The previously announced investment of more than $1.4 billion for the plant includes a new, 1-million-square-foot body shop and a 600,000-square-foot expansion of the paint shop, along with new, high-precision camera and laser-based inspection systems that offer more sophisticated quality checks for the company’s segment-leading SUVs.

“Everything we do at Arlington Assembly is focused on building better vehicles for our customers,” said Bill Kulhanek, plant executive director at Arlington Assembly. “This strategic expansion brings the latest in manufacturing and inspection technologies, while adding procedures designed to improve the quality and durability of the Tahoe and Suburban.”

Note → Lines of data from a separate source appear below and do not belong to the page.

(* Let $R$ be a commutative ring. A map $p\colon E\to B$ of DG $R$-modules satisfies the enriched right lifting property against every map $S^{n-1}_R\to D^n_R$, $n\in\mathbb{Z}$, if and only if $p$ is a degreewise $R$-split epimorphism that is a chain homotopy equivalence.
   Context: DG $R$-modules are $\mathbb{Z}$-graded chain complexes of $R$-modules. $S^{n-1}_R$ is $R$ concentrated in degree $n-1$; $D^n_R$ is $R$ in degrees $n$ and $n-1$ with identity differential; $S^{n-1}_R\to D^n_R$ is the inclusion in degree $n-1$. For DG $R$-modules $M,N$, $\mathcal{M}_R(M,N)$ is the $R$-module of chain maps. For $i\colon W\to X$ and $p\colon E\to B$, $\underline{\mathrm{Sq}}(i,p)$ is the pullback of $R$-modules of $p_*\colon \mathcal{M}_R(W,E)\to \mathcal{M}_R(W,B)$ and $i^*\colon \mathcal{M}_R(X,B)\to\mathcal{M}_R(W,B)$. The map $p$ has the enriched right lifting property against $i$ if the induced map $\mathcal{M}_R(X,E)\to\underline{\mathrm{Sq}}(i,p)$ is a split epimorphism of $R$-modules. *)

From HB Require Import structures.
From mathcomp Require Import all_boot all_order all_algebra.
Unset Printing Implicit Defensive.
Import Order.TTheory GRing.Theory Num.Theory.
Local Open Scope ring_scope.

Section DG.
Variable R : comPzRingType.

Definition linear_fun {U V : lmodType R} (f : U -> V) : Prop :=
  forall (a : R) (x y : U), f (a *: x + y) = a *: f x + f y.

(* The differential is
   encoded as a family d i j : M i -> M j which vanishes unless j = i - 1
   (so d i (i-1) is the genuine differential M_i -> M_{i-1}). *)
Record DGMod := DGModule {
  dg_obj :> int -> lmodType R;
  dg_d : forall i j : int, dg_obj i -> dg_obj j;
  dg_d_lin : forall i j, linear_fun (dg_d i j);
  dg_d_shape : forall i j x, j != i - 1 -> dg_d i j x = 0;
  dg_dd : forall i j k x, dg_d j k (dg_d i j x) = 0 }.

Definition gmap (M N : DGMod) := forall k : int, M k -> N k.

Definition is_chain_map {M N : DGMod} (f : gmap M N) : Prop :=
  (forall k, linear_fun (f k)) /\
  (forall k l x, f l (dg_d M k l x) = dg_d N k l (f k x)).

Definition gadd {M N : DGMod} (f g : gmap M N) : gmap M N :=
  fun k x => f k x + g k x.
Definition gscale {M N : DGMod} (a : R) (f : gmap M N) : gmap M N :=
  fun k x => a *: f k x.

Definition in_sq {W X E B : DGMod} (i : gmap W X) (p : gmap E B)
  (u : gmap W E) (v : gmap X B) : Prop :=
  [/\ is_chain_map u, is_chain_map v & forall k x, p k (u k x) = v k (i k x)].

(* p has the enriched right lifting property against i: the R-linear map
   M(X,E) -> Sq(i,p), f |-> (f i, p f), admits an R-linear section s. *)
Definition enriched_rlp {W X E B : DGMod} (i : gmap W X) (p : gmap E B) : Prop :=
  exists s : gmap W E -> gmap X B -> gmap X E,
    (forall u v, in_sq i p u v ->
       [/\ is_chain_map (s u v),
           (forall k x, s u v k (i k x) = u k x) &
           (forall k x, p k (s u v k x) = v k x)]) /\
    (forall (a : R) u v u' v', in_sq i p u v -> in_sq i p u' v' ->
       forall k x, s (gadd (gscale a u) u') (gadd (gscale a v) v') k x
                   = a *: s u v k x + s u' v' k x).

Definition degreewise_split_epi {E B : DGMod} (p : gmap E B) : Prop :=
  forall k, exists s : B k -> E k, linear_fun s /\ forall y, p k (s y) = y.

Definition gid (M : DGMod) : gmap M M := fun k x => x.
Definition gcomp {L M N : DGMod} (g : gmap M N) (f : gmap L M) : gmap L N :=
  fun k x => g k (f k x).

Definition chain_homotopic {M N : DGMod} (f g : gmap M N) : Prop :=
  exists h : forall i j : int, M i -> N j,
    (forall i j, linear_fun (h i j)) /\
    (forall i j x, j != i + 1 -> h i j x = 0) /\
    (forall i x, f i x - g i x
                 = dg_d N (i + 1) i (h i (i + 1) x) + h (i - 1) i (dg_d M i (i - 1) x)).

Definition chain_htpy_equiv {M N : DGMod} (p : gmap M N) : Prop :=
  exists q : gmap N M, is_chain_map q /\
    chain_homotopic (gcomp q p) (gid M) /\ chain_homotopic (gcomp p q) (gid N).

(* Sphere S^m_R: R concentrated in degree m (free module 'rV_1, and 'rV_0 = 0
   elsewhere), zero differential. *)
Definition sphere_obj (m : int) (k : int) : lmodType R := 'rV[R]_(k == m).

Lemma sphere_d_lin m i j : linear_fun (fun _ : sphere_obj m i => (0 : sphere_obj m j)).
Proof. by move=> a x y; rewrite scaler0 addr0. Qed.

Definition sphere (m : int) : DGMod :=
  @DGModule (sphere_obj m) (fun i j _ => 0) (@sphere_d_lin m)
    (fun _ _ _ _ => erefl) (fun _ _ _ _ => erefl).

(* Disk D^n_R: R in degrees n and n-1, differential the identity D_n -> D_{n-1}.
   conform_mx 0 x is x when the dimensions agree (both 1 here). *)
Definition disk_obj (n : int) (k : int) : lmodType R :=
  'rV[R]_((k == n) || (k == n - 1)).

(* the canonical map R^{m1} -> R^{m2}: identity if m1 = m2, zero otherwise *)
Definition cf {m1 m2 : nat} (x : 'rV[R]_m1) : 'rV[R]_m2 := conform_mx 0 x.

Definition disk_d (n : int) (i j : int) (x : disk_obj n i) : disk_obj n j :=
  if (i == n) && (j == n - 1)
  then (cf (x : 'rV[R]_((i == n) || (i == n - 1))) : disk_obj n j)
  else 0.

“More than the physical changes, the Arlington upgrades increase assembly flexibility in the plant, allowing for more model and trim variations,” Kulhanek said. “That means more choices for customers. In fact, the trim range for Tahoe and Suburban expands to six, with distinct designs and features on each.”

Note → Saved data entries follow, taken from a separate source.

(* Let $\Gamma$ be a connected infinite graph whose vertices have uniformly bounded degree. Then $\Gamma$ is bilipschitz equivalent to a graph admitting a bi-infinite Hamiltonian path if and only if $\Gamma$ has at most two ends.
   Context: Graphs are regarded as metric spaces on their vertex sets via the path-length metric. Two graphs are bilipschitz equivalent if there is a bijection $f$ between their vertex sets and $c>0$ with $\frac1c d(x,y)\le\rho(f(x),f(y))\le c\,d(x,y)$ for all vertices $x,y$. A bi-infinite Hamiltonian path is a bijection $P:\mathbb{Z}\to V(\Gamma')$ with $P(i)$ adjacent to $P(i+1)$ for all $i$. The number of ends of a connected graph $\Gamma$ is the supremum, over finite sets $A$ of edges, of the number of infinite connected components of $\Gamma - A$. *)

From Stdlib Require Import Reals ZArith List.
Open Scope R_scope.

Definition simple_graph {V : Type} (adj : V -> V -> Prop) : Prop :=
  (forall x y, adj x y -> adj y x) /\ (forall x, ~ adj x x).

Inductive walk {V : Type} (adj : V -> V -> Prop) : V -> V -> nat -> Prop :=
| walk_nil : forall x, walk adj x x 0
| walk_cons : forall x y z n, adj x y -> walk adj y z n -> walk adj x z (S n).

Definition gdist {V : Type} (adj : V -> V -> Prop) (x y : V) (n : nat) : Prop :=
  walk adj x y n /\ forall m, walk adj x y m -> (n <= m)%nat.

Definition connected_graph {V : Type} (adj : V -> V -> Prop) : Prop :=
  forall x y : V, exists n, walk adj x y n.

Definition finite_set {V : Type} (S : V -> Prop) : Prop :=
  exists l : list V, forall v, S v -> In v l.

Definition infinite_type (V : Type) : Prop := ~ finite_set (fun _ : V => True).

Definition bounded_degree {V : Type} (adj : V -> V -> Prop) : Prop :=
  exists D : nat, forall v : V,
    exists l : list V, (length l <= D)%nat /\ forall w, adj v w -> In w l.

Definition bijective_map {V W : Type} (f : V -> W) : Prop :=
  (forall x y, f x = f y -> x = y) /\ (forall w, exists v, f v = w).

(* Bilipschitz equivalence of the path metrics (distances in the target must
   exist, i.e. be finite, and satisfy the two-sided bound). *)
Definition bilipschitz_equiv {V W : Type} (adjV : V -> V -> Prop)
    (adjW : W -> W -> Prop) : Prop :=
  exists (f : V -> W) (c : R), bijective_map f /\ 0 < c /\
    forall x y n, gdist adjV x y n ->
      exists m, gdist adjW (f x) (f y) m /\
        INR n / c <= INR m /\ INR m <= c * INR n.

Definition biinf_hamiltonian_path {W : Type} (adj : W -> W -> Prop) (P : Z -> W) : Prop :=
  bijective_map P /\ forall i : Z, adj (P i) (P (i + 1)%Z).

(* Γ - A, where A is a finite set of edges given as a list of vertex pairs. *)
Definition remove_edges {V : Type} (adj : V -> V -> Prop) (A : list (V * V))
    (x y : V) : Prop :=
  adj x y /\ ~ In (x, y) A /\ ~ In (y, x) A.

Definition conn {V : Type} (adj : V -> V -> Prop) (x y : V) : Prop :=
  exists n, walk adj x y n.

Definition infinite_component {V : Type} (adj : V -> V -> Prop) (x : V) : Prop :=
  ~ finite_set (conn adj x).

(* Gamma - A has at most two infinite connected components: among any three
   vertices lying in infinite components, two lie in the same component. *)
Definition at_most_two_infinite_components {V : Type} (adj : V -> V -> Prop) : Prop :=
  forall x1 x2 x3 : V,
    infinite_component adj x1 -> infinite_component adj x2 ->
    infinite_component adj x3 ->
    conn adj x1 x2 \/ conn adj x1 x3 \/ conn adj x2 x3.

(* Gamma has at most two ends: the supremum over finite edge sets A of the
   number of infinite components of Gamma - A is <= 2. *)
Definition at_most_two_ends {V : Type} (adj : V -> V -> Prop) : Prop :=
  forall A : list (V * V), at_most_two_infinite_components (remove_edges adj A).

(* A bilipschitz bijection moves consecutive vertices of a Hamiltonian path to vertices at bounded
   distance, so Gamma is listed by a bi-infinite sequence with bounded steps. Removing finitely many
   edges breaks only finitely many of these steps, so every infinite component of what remains
   contains one of the two tails.

   Conversely, a finite connected vertex set can be listed, from any vertex to a neighbour of any
   other, with consecutive vertices at distance at most 3 (split off the component of the
   remainder at a vertex and recurse). In a one-ended graph, repeatedly enumerating the finite
   part cut off from infinity by a growing ball yields a ray through all vertices with steps at most
   3, and folding it onto Z gives steps at most 6. In a two-ended graph, a finite middle part is
   enumerated between two such rays, one in each end. The sixth power of Gamma is bilipschitz to
   Gamma and has the resulting sequence as a bi-infinite Hamiltonian path. *)

From Stdlib Require Import Reals ZArith List Sorted Wf_nat Lia Lra Classical ClassicalEpsilon.
Import ListNotations.

Section Walks.
Context {V : Type} (R : V -> V -> Prop).

Lemma walk_app x y z n m : walk R x y n -> walk R y z m -> walk R x z (n + m).
Proof. induction 1; intros; simpl; auto. econstructor; eauto. Qed.

Lemma walk_one x y : R x y -> walk R x y 1.
Proof. intros; econstructor; eauto; constructor. Qed.

Lemma walk_rcons x y z n : walk R x y n -> R y z -> walk R x z (S n).
Proof.
  intros W A. replace (S n) with (n + 1)%nat by lia.
  eapply walk_app; eauto using walk_one.
Qed.

Lemma walk_rcons_inv x y n : walk R x y (S n) -> exists y', walk R x y' n /\ R y' y.
Proof.
  revert x; induction n as [|n IH]; intros x W; inversion_clear W as [|? x' ? ? A W'].
  - inversion W'; subst. exists x; split; [constructor | auto].
  - destruct (IH _ W') as [y' [W'' A']]. exists y'; split; auto. econstructor; eauto.
Qed.

Lemma walk_sym : (forall a b, R a b -> R b a) -> forall x y n, walk R x y n -> walk R y x n.
Proof. intros Rsym; induction 1; [constructor | eapply walk_rcons; eauto]. Qed.

Lemma walk_boundary_edge (Q : V -> Prop) x y n :
  walk R x y n -> ~ Q x -> Q y -> exists a b, R a b /\ ~ Q a /\ Q b.
Proof.
  induction 1; intros Hx Hy; [contradiction|].
  destruct (classic (Q y)); eauto.
Qed.

Lemma walk_prefix_closed x y m : walk R x y m -> forall Q : V -> Prop,
  (forall z k, (k <= m)%nat -> walk R x z k -> Q z) ->
  walk (fun a b => R a b /\ Q a /\ Q b) x y m.
Proof.
  induction 1; intros Q HQ; [constructor|].
  apply walk_cons with y.
  - repeat split; auto.
    + apply (HQ x 0%nat); [lia | constructor].
    + apply (HQ y 1%nat); [lia | apply walk_one; auto].
  - apply IHwalk. intros z' k Hk W. apply (HQ z' (S k)); [lia | econstructor; eauto].
Qed.

Lemma conn_refl x : conn R x x.
Proof. exists 0%nat; constructor. Qed.

Lemma conn_trans x y z : conn R x y -> conn R y z -> conn R x z.
Proof. intros [n W] [m W']; exists (n + m)%nat; eapply walk_app; eauto. Qed.

Lemma conn_sym : (forall a b, R a b -> R b a) -> forall x y, conn R x y -> conn R y x.
Proof. intros Rsym x y [n W]; exists n; apply walk_sym; auto. Qed.

End Walks.

Lemma walk_mono {V} (R R' : V -> V -> Prop) x y n :
  (forall a b, R a b -> R' a b) -> walk R x y n -> walk R' x y n.
Proof. intros H; induction 1; econstructor; eauto. Qed.

Section Induced.
Context {V : Type} (adj : V -> V -> Prop).
Hypothesis adj_sym : forall x y, adj x y -> adj y x.

Definition induced (P : V -> Prop) a b := P a /\ P b /\ adj a b.
Definition conn_in (P : V -> Prop) := conn (induced P).

Lemma induced_sym P a b : induced P a b -> induced P b a.
Proof. unfold induced; intuition. Qed.

Lemma conn_in_sym P x y : conn_in P x y -> conn_in P y x.
Proof. apply conn_sym, induced_sym. Qed.

Lemma conn_in_step P x y : P x -> P y -> adj x y -> conn_in P x y.
Proof. intros; exists 1%nat; apply walk_one; red; auto. Qed.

The Arlington plant upgrades are part of GM’s $5 billion investment in U.S. production of new, full-size pickups and SUVs. GM previously invested in enhancements at Fort Wayne Assembly to support production of the 2019 Chevrolet Silverado 1500; and at Flint Assembly, ahead of the 2020 Chevrolet Silverado HD’s launch.

Body Shop

Arlington’s all-new, 1-million-square-foot body shop comprises the largest phase of the plant’s expansion and upgrades. GM uses the latest in assembly and quality-assurance technologies to assemble the Tahoe and Suburban bodies with exceptional precision. New features include:

  • All-new robots — 1,450 of them — including the latest six-axis robotic systems, that nearly double the number from the previous body shop, to optimize efficiency and quality
  • Automated vision-system-based dimensional and parts placement stations that use cameras and lasers to more accurately locate body components for assembly and ensure dimensional accuracy prior to welding for proper gaps and flushness
  • Non-contact inspection systems that accommodate temperature fluctuations and other variables in the plant, improving consistency and accuracy
  • Cameras and laser scanners to locate points in body panels that must be pierced for fasteners, contributing to more precise panel alignment during assembly
  • A laser-based quality audit system that uses robot-mounted Leica scanners, from Hexagon Manufacturing Intelligence, to quickly produce color maps of assembled bodies to ensure dimensional accuracy

The body shop’s upgraded systems support the SUVs’ new body structure, which features an integrated front-end assembly that is welded to the rest of the body, rather than bolted on later in the assembly process. This improves the visual quality with improved flushness of the front-end body panels with the rest of the body.

“The new body shop is ground zero for the quality built into the new SUVs,” said Mike Stevens, launch manager for Tahoe and Suburban. “It’s a stronger, more precise foundation on which the vehicles are assembled. With the all-new inspection technologies incorporated, we’ve taken quality control to an even higher level.”

Stamping Operations

Revamped in 2013 as part of a $200 million investment, Arlington Assembly has one of the most efficient, contiguous stamping operations in the industry, accommodating steel and aluminum components (the new SUVs feature lightweight aluminum doors, hood and lift gate panels), along with the capability of high-speed die changes to accommodate greater model variation.

In fact, die changes such as changing between the Tahoe’s roof panel and the longer Suburban roof panel, or changing from door outer panels to the lift gate panel can be made in a matter of minutes, compared to the hours it can take in other facilities. Enormous overhead cranes move the dies, which can weigh up to 60,000 pounds each, in and out of place. Up to five die sets are used for each body panel.

A five-step robotic process is used to form the panels and pierce necessary holes. As with the new body shop, a camera-based inspection system helps ensure dimensional accuracy and supports faster, more accurate parts tracking.

The flexibility of the stamping operations, particularly with the high-speed die changes, allows the plant to produce a greater number of components on-site.